Her father looked at her intently. “I think I should hire you a tutor.” Shaking his head, he continued, “Going back to my story, yes, there’s something farther than Midalin. No, we won’t fall off the edge. No, I have never been there. But Tolkurs wanted so badly to visit this place, sniff around, get to know the people there and rule over it. That’s how simple the predicament was. That was how the Ancient War started.”

“Where’s my dream in this?”

“The girl in your dream, what does she look like? You never saw her?”

“Uumm… only tonight.”

“So, what did you see?”

“Father, it is so frightening. I saw myself!” Beleau exclaimed in a whisper, such a difficult act to do.
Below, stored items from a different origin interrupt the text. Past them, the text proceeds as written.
(** The two densities cross exactly at [s^2 = tau r * r = r ln r / (r - 1)]. *)
Lemma scaled_density_sign r s : 1 < r ->
  let D := / sqrt r * gauss_density_unnorm (/ sqrt r * s) - gauss_density_unnorm s in
  (tau r * r <= s * s -> 0 <= D) /\ (s * s <= tau r * r -> D <= 0).
Proof.
  intros Hr D.
  assert (Hsr : sqrt r * sqrt r = r) by (apply sqrt_sqrt; lra).
  assert (HD : D = exp (- (ln r / 2) - s * s / (2 * r)) - exp (- (s * s) / 2)).
  { unfold D, gauss_density_unnorm. rewrite (inv_sqrt_exp r) at 1 by lra.
    rewrite <- exp_plus. f_equal. f_equal.
    replace (/ sqrt r * s * (/ sqrt r * s)) with (s * s / (sqrt r * sqrt r))
      by (field; apply Rgt_not_eq, sqrt_lt_R0; lra).
    rewrite Hsr. field. lra. }
  assert (Hexp : - (ln r / 2) - s * s / (2 * r) - - (s * s) / 2 =
                 (r - 1) * (s * s - tau r * r) / (2 * r)) by (rewrite tau_gt1 by lra; field; lra).
  rewrite HD. split; intros Hs.
  - enough (- (s * s) / 2 <= - (ln r / 2) - s * s / (2 * r)) by (pose proof (exp_le_compat _ _ H); lra).
    enough (0 <= (r - 1) * (s * s - tau r * r) / (2 * r)) by lra.
    apply Rmult_le_pos; [nra|left; apply Rinv_0_lt_compat; lra].
  - enough (- (ln r / 2) - s * s / (2 * r) <= - (s * s) / 2) by (pose proof (exp_le_compat _ _ H); lra).
    enough ((r - 1) * (s * s - tau r * r) / (2 * r) <= 0) by lra.
    unfold Rdiv. apply Rmult_le_0_r; [nra|left; apply Rinv_0_lt_compat; lra].
Qed.

Lemma scaled_gap_continuous a x : continuity_pt (scaled_gap a) x.
Proof.
  apply continuity_pt_filterlim, (@ex_derive_continuous R_AbsRing R_NormedModule).
  eexists. apply is_derive_scaled_gap.
Qed.

Lemma scaled_gap_min r s : 1 <= r -> 0 <= s ->
  scaled_gap (/ sqrt r) (sqrt (tau r * r)) <= scaled_gap (/ sqrt r) s.
Proof.
  intros Hr Hs. destruct (Req_dec r 1) as [->|Hr1].
  { rewrite sqrt_1, Rinv_1. unfold scaled_gap. rewrite !Rmult_1_l. lra. }
  set (a := / sqrt r). set (s0 := sqrt (tau r * r)).
  assert (Hs0 : s0 * s0 = tau r * r)
    by (apply sqrt_sqrt; pose proof (tau_pos r Hr); nra).
  pose proof (sqrt_pos (tau r * r)) as Hs00. fold s0 in Hs00.
  assert (Hderiv : forall x, is_derive (scaled_gap a) x
    (a * gauss_density_unnorm (a * x) - gauss_density_unnorm x)) by apply is_derive_scaled_gap.
  destruct (Rle_dec s0 s) as [Hle|Hgt].
  - destruct (MVT_gen (scaled_gap a) s0 s _ (fun x _ => Hderiv x)
      (fun x _ => scaled_gap_continuous a x)) as [c [Hc Hmvt]].
    rewrite Rmin_left, Rmax_right in Hc by auto.
    destruct (scaled_density_sign r c ltac:(lra)) as [Hsign _].
    specialize (Hsign ltac:(nra)). fold a in Hsign. nra.
  - destruct (MVT_gen (scaled_gap a) s s0 _ (fun x _ => Hderiv x)
      (fun x _ => scaled_gap_continuous a x)) as [c [Hc Hmvt]].
    rewrite Rmin_left, Rmax_right in Hc by lra.
    destruct (scaled_density_sign r c ltac:(lra)) as [_ Hsign].
    specialize (Hsign ltac:(nra)). fold a in Hsign. nra.
Qed.

Definition Pev_ratio (r : R) : R :=
  / 2 * (1 - Qchi2_1 (tau r)) + / 2 * Qchi2_1 (tau r * r).

Lemma Qchi2_1_pos t : 0 < t -> Qchi2_1 t = 2 * QN (sqrt t).
Proof. intros Ht. unfold Qchi2_1. destruct (Rle_dec t 0); [lra|reflexivity]. Qed.
(* Phi(g) fixes the l_{-1}-coordinate, preserves the form 2 y_0 + sum_u y_u
   (as #J is even) and acts on the l_u-coordinates as the signed permutation g,
   corrected by a multiple of the l_{-1}-coordinate; in particular
   Phi(g)^(2 ord tau) = 1.  For a cyclic group, H^1 = ker N / im (Phi(g) - 1)
   where N is the norm.  A vector x in ker N has zero l_{-1}-coordinate, zero
   form, and vanishing twisted sums along the cycles beta with sigma(beta) = 1;
   solving x = Phi(g) y - y cycle by cycle shows that such an x is a coboundary
   iff the residues mod 2 of its coordinate sums along the Lambda cycles with
   sigma(beta) = -1 all agree.  These residues always sum to 0 and every such
   residue vector occurs, so H^1 is {c in F_2^Lambda | sum c = 0} modulo the
   constants, i.e. F_2^(Lambda - 2); Lambda is even because #J is. *)

Set Implicit Arguments. Unset Strict Implicit. Unset Printing Implicit Defensive.
Import GRing.Theory Num.Theory.
Local Open Scope ring_scope.

Lemma pchar_F2 : 2%N \in [pchar 'F_2]. Proof. exact: pchar_Fp. Qed.

Lemma natr_F2 m : (m%:R : 'F_2) = (odd m)%:R.
Proof. by rewrite -Fp_nat_mod // modn2. Qed.

Lemma F2_nat_eq (b : 'F_2) : b = (b != 0)%:R.
Proof. by case: b => -[|[|//]] i; apply/val_inj. Qed.

Lemma intr2_F2 : (2%:~R : 'F_2) = 0. Proof. by apply/eqP. Qed.

Lemma sum_pred1_natr (T : finType) (R : pzSemiRingType) (A : {pred T}) r :
  \sum_(v in A) ((v == r)%:R : R) = (r \in A)%:R.
Proof.
have [r_A|r_nA] := boolP (r \in A).
  by rewrite (bigD1 r) //= eqxx big1 ?addr0 // => v /andP[_ /negPf->].
by rewrite big1 // => v v_A; case: eqP => // v_r; rewrite -v_r v_A in r_nA.
Qed.
Lemma Rabs_dot_unit_le d x y : is_unit d x -> is_unit d y -> Rabs (dot d x y) <= 1.
Proof. intros Hx Hy. pose proof (Rabs_dot_le d x y) as H. rewrite Hx, Hy in H. lra. Qed.

Lemma Rabs_dot_mult_dot_ge d x x' y y' e :
  is_unit d x -> is_unit d x' -> is_unit d y -> is_unit d y' ->
  vnorm d (orth d x x') <= e -> vnorm d (orth d y y') <= e -> e * e <= 1 ->
  1 - e * e <= Rabs (dot d x x' * dot d y y').
Proof.
  intros Hx Hx' Hy Hy' Hex Hey He.
  pose proof (vnorm_orth_sqr d x x' Hx Hx'); pose proof (vnorm_orth_sqr d y y' Hy Hy').
  pose proof (vnorm_nonneg d (orth d x x')); pose proof (vnorm_nonneg d (orth d y y')).
  set (s := dot d x x') in *; set (t := dot d y y') in *.
  assert (1 - e * e <= s * s) by nra. assert (1 - e * e <= t * t) by nra.
  assert (Hst : Rabs (s * t) * Rabs (s * t) = s * s * (t * t))
    by (rewrite <- Rabs_mult, Rabs_pos_eq; [ring|nra]).
  pose proof (Rabs_pos (s * t)).
  assert ((1 - e * e) * (1 - e * e) <= Rabs (s * t) * Rabs (s * t))
    by (rewrite Hst; apply Rmult_le_compat; lra).
  nra.
Qed.

(** * The perturbed CP tensor *)

Definition offdiag_comb (k j : nat) (w : nat -> R) (c : nat -> vec) (f g : nat -> R) : vec :=
  fun l => rsum k (fun i => if Nat.eq_dec i j then 0 else w i * f i * g i * c i l).

Lemma vnorm_offdiag_comb_le d k j w c f g delta :
  (0 < k)%nat -> (forall i, (i < k)%nat -> is_unit d (c i)) -> 0 <= delta ->
  (forall i, (i < k)%nat -> i <> j -> Rabs (w i * f i) <= delta) ->
  vnorm d (offdiag_comb k j w c f g) <= colmat_norm d k c * (delta * vnorm k g).
Proof.
  intros Hk Hc Hdelta Hf. set (z := fun i => if Nat.eq_dec i j then 0 else w i * f i * g i).
  rewrite (vnorm_ext d _ (fun l => rsum k (fun i => z i * c i l))).
  - eapply Rle_trans; [apply vnorm_comb_le; auto|].
    apply Rmult_le_compat_l; [apply colmat_norm_nonneg; auto|].
    apply vnorm_le_pointwise; [exact Hdelta|]. intros i Hi. unfold z.
    destruct (Nat.eq_dec i j) as [->|N].
    + rewrite Rabs_R0. apply Rmult_le_pos; [exact Hdelta|apply Rabs_pos].
    + rewrite Rabs_mult. apply Rmult_le_compat_r; [apply Rabs_pos|auto].
  - intros l _. apply rsum_ext; intros i _. unfold z. destruct (Nat.eq_dec i j); ring.
Qed.

Lemma tform_I_cp d k w a b c x y l : tform_I d (cp_tensor k w a b c) x y l
  = rsum k (fun i => w i * dot d (a i) x * dot d (b i) y * c i l).
Proof.
  unfold tform_I, cp_tensor.
  rewrite (rsum_ext _ _ (fun p => rsum k (fun i =>
    rsum d (fun q => w i * a i p * b i q * c i l * x p * y q)))).
  - rewrite rsum_swap. apply rsum_ext; intros i _. unfold dot.
    set (B := rsum d (fun q => b i q * y q)).
    replace (w i * rsum d (fun p => a i p * x p) * B * c i l)
      with (rsum d (fun p => a i p * x p) * (B * (w i * c i l))) by ring.
    rewrite <- rsum_scal_r. apply rsum_ext; intros p _. unfold B.
    rewrite <- rsum_scal_r, <- rsum_scal_l. apply rsum_ext; intros; ring.
  - intros p _. rewrite <- rsum_swap. apply rsum_ext; intros q _.
    rewrite <- !rsum_scal_r. reflexivity.
Qed.

(* Expanding [x = <x,a_j> a_j + orth x a_j] and [y = <y,b_j> b_j + orth y b_j] in the rank-one
   sum: the diagonal term [i = j] only survives in the leading part. *)
Lemma tform_I_cp_orth_split d k w a b c j x y l :
  (j < k)%nat -> is_unit d (a j) -> is_unit d (b j) ->
  tform_I d (cp_tensor k w a b c) x y l =
    w j * dot d x (a j) * dot d y (b j) * c j l
    + dot d x (a j) * dot d y (b j) *
        offdiag_comb k j w c (fun i => dot d (a i) (a j)) (fun i => dot d (b i) (b j)) l
    + dot d x (a j) *
        offdiag_comb k j w c (fun i => dot d (a i) (a j)) (fun i => dot d (b i) (orth d y (b j))) l
    + dot d y (b j) *
        offdiag_comb k j w c (fun i => dot d (b i) (b j)) (fun i => dot d (a i) (orth d x (a j))) l
    + tform_I d (cp_tensor k w a b c) (orth d x (a j)) (orth d y (b j)) l.
Proof.
  intros Hj Haj Hbj. rewrite !tform_I_cp. unfold offdiag_comb.
  rewrite <- (rsum_kronecker k j (w j * dot d x (a j) * dot d y (b j) * c j l)) by exact Hj.
  rewrite <- !rsum_scal_l, <- !rsum_add. apply rsum_ext; intros i Hi.
  rewrite !dot_orth_r.
  destruct (Nat.eq_dec i j) as [->|N].
  - rewrite !dot_unit, (dot_comm d (a j) x), (dot_comm d (b j) y) by assumption; ring.
  - ring.
Qed.

Section PerturbedCPTensor.
Variables (d k : nat) (w : nat -> R) (a b c : nat -> vec) (j : nat).
Variables (delta M eps : R) (x y : vec).
Hypothesis j_lt_k : (j < k)%nat.
Hypothesis w_pos : forall i, (i < k)%nat -> 0 < w i.
Hypothesis factors_unit :
  forall i, (i < k)%nat -> is_unit d (a i) /\ is_unit d (b i) /\ is_unit d (c i).
Hypothesis delta_nonneg : 0 <= delta.
Hypothesis incoherent : forall i, (i < k)%nat -> i <> j ->
  Rabs (dot d (a i) (a j)) <= delta /\ Rabs (dot d (b i) (b j)) <= delta.
Hypothesis colmat_a_le : colmat_norm d k a <= M.
Hypothesis colmat_b_le : colmat_norm d k b <= M.
Hypothesis colmat_c_le : colmat_norm d k c <= M.
Hypothesis x_unit : is_unit d x.
Hypothesis y_unit : is_unit d y.
Hypothesis orth_x_le : vnorm d (orth d x (a j)) <= eps.
Hypothesis orth_y_le : vnorm d (orth d y (b j)) <= eps.

Let T := cp_tensor k w a b c.
Let wmax := rmax_lt k w.

Lemma vnorm_offdiag_cross_le (f g : nat -> vec) (e : vec) :
  (forall i, (i < k)%nat -> is_unit d (g i)) -> colmat_norm d k g <= M ->
  (forall i, (i < k)%nat -> i <> j -> Rabs (dot d (f i) (f j)) <= delta) ->
  vnorm d e <= eps ->
  vnorm d (offdiag_comb k j w c (fun i => dot d (f i) (f j)) (fun i => dot d (g i) e))
    <= M * (wmax * delta) * (M * eps).
Proof.
  intros Hg HgM Hf He.
  assert (Hk : (0 < k)%nat) by lia.
  assert (Hc : forall i, (i < k)%nat -> is_unit d (c i)) by (intros; apply factors_unit; auto).
  pose proof (colmat_norm_nonneg d k c Hk Hc).
  pose proof (w_pos j j_lt_k); pose proof (rmax_lt_ge k w j j_lt_k).
  assert (0 <= wmax * delta) by (apply Rmult_le_pos; unfold wmax; lra).
  eapply Rle_trans; [apply (vnorm_offdiag_comb_le d k j w c _ _ (wmax * delta)); auto|].
  - intros i Hi Hij. rewrite Rabs_mult, (Rabs_pos_eq (w i)) by (apply Rlt_le, w_pos; auto).
    apply Rmult_le_compat; [apply Rlt_le, w_pos|apply Rabs_pos|apply rmax_lt_ge|apply Hf]; auto.
  - pose proof (vnorm_gram_le d k g Hk Hg e). pose proof (vnorm_nonneg k (fun i => dot d (g i) e)).
    pose proof (colmat_norm_nonneg d k g Hk Hg). pose proof (vnorm_nonneg d e).
    rewrite (Rmult_assoc M). apply Rmult_le_compat; [lra|apply Rmult_le_pos; lra|lra|].
    apply Rmult_le_compat_l; [lra|]. eapply Rle_trans; [eassumption|].
    apply Rmult_le_compat; lra.
Qed.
Her father sat straight and nodded his head. As when he is in deep thought, he unconsciously unfurled his wings. “The inhabitants of this place that the Tolkurs wanted for their own are like this girl in your dream. As you have her, I also have mine. So does everyone else in Midalin, from faeries, humans, dwarves, gnomes, witches to elves. They are called our salmings.”

Beleau’s eyes widened. “So she is real? Oh no.”

“Why the terror?”

“F-Father, this girl in my dream is bad. Even when I’m awake, I feel she causes me to get into lots of trouble.”

“Not one, but lots of trouble? Like what? I never hear anything from you? Or your guards.”

“See! You have me watched. Father, we talked about this!”

“Only for your own protection. Your father is an important man. But going back to your troubles, what are these? Do I have reason to worry?”

“Oh, not really serious stuff. Just a lot of teasing from my classmates. They’re bullies. There’s this one group who make me miserable. They make fun of my nose, my hair. They call me a teacher’s pet. What’s wrong with bring sweet cakes for our professors? I usually shrug them off even when they mimic my voice. But I found a way to get back at them. I hid one of the professor’s examination answer sheets in their leader’s bag. Ha! They got into trouble because of that. Serves them right,” Beleau replied smugly, losing control over her mouth.

“Beleau! How could you do such a thing! That is stooping so low. I didn’t raise you up to be like that!” her father’s voice rose up to a level she had never heard before, much louder than how he was earlier.

“But..but.. they have been so mean to me. Really mean, Father. There have been times I did not want to go to school anymore. Except that I remember I have promises to keep.”


“Like when I promised Madame Brightchild that I would bring her our family’s special apple pie.”

“Oh, those kinds of promises. Did I teach you that?”

“No, is it wrong?”

“Well, we faeries really are excellent cooks. So I can truly understand why our family’s apple pie should be craved for even by your teachers. So why not use it to our advantage?” beamed her father, distracted by this discovery about his daughter.

“I got into a fight the previous day with a classmate. She drew on my wings. So I snipped off part of her hair.” She heard her father gasp. “Just the edges, Father. I didn’t want to go to class after that. But I remembered I told Madame that she’ll have a taste of our apple pie. So I went to school.”

“Whatever motivates you to step into school, child. But going back to that dreadful thing you did with the examination answer sheets. Do you know that you dug yourself a deeper hole, Beleau?”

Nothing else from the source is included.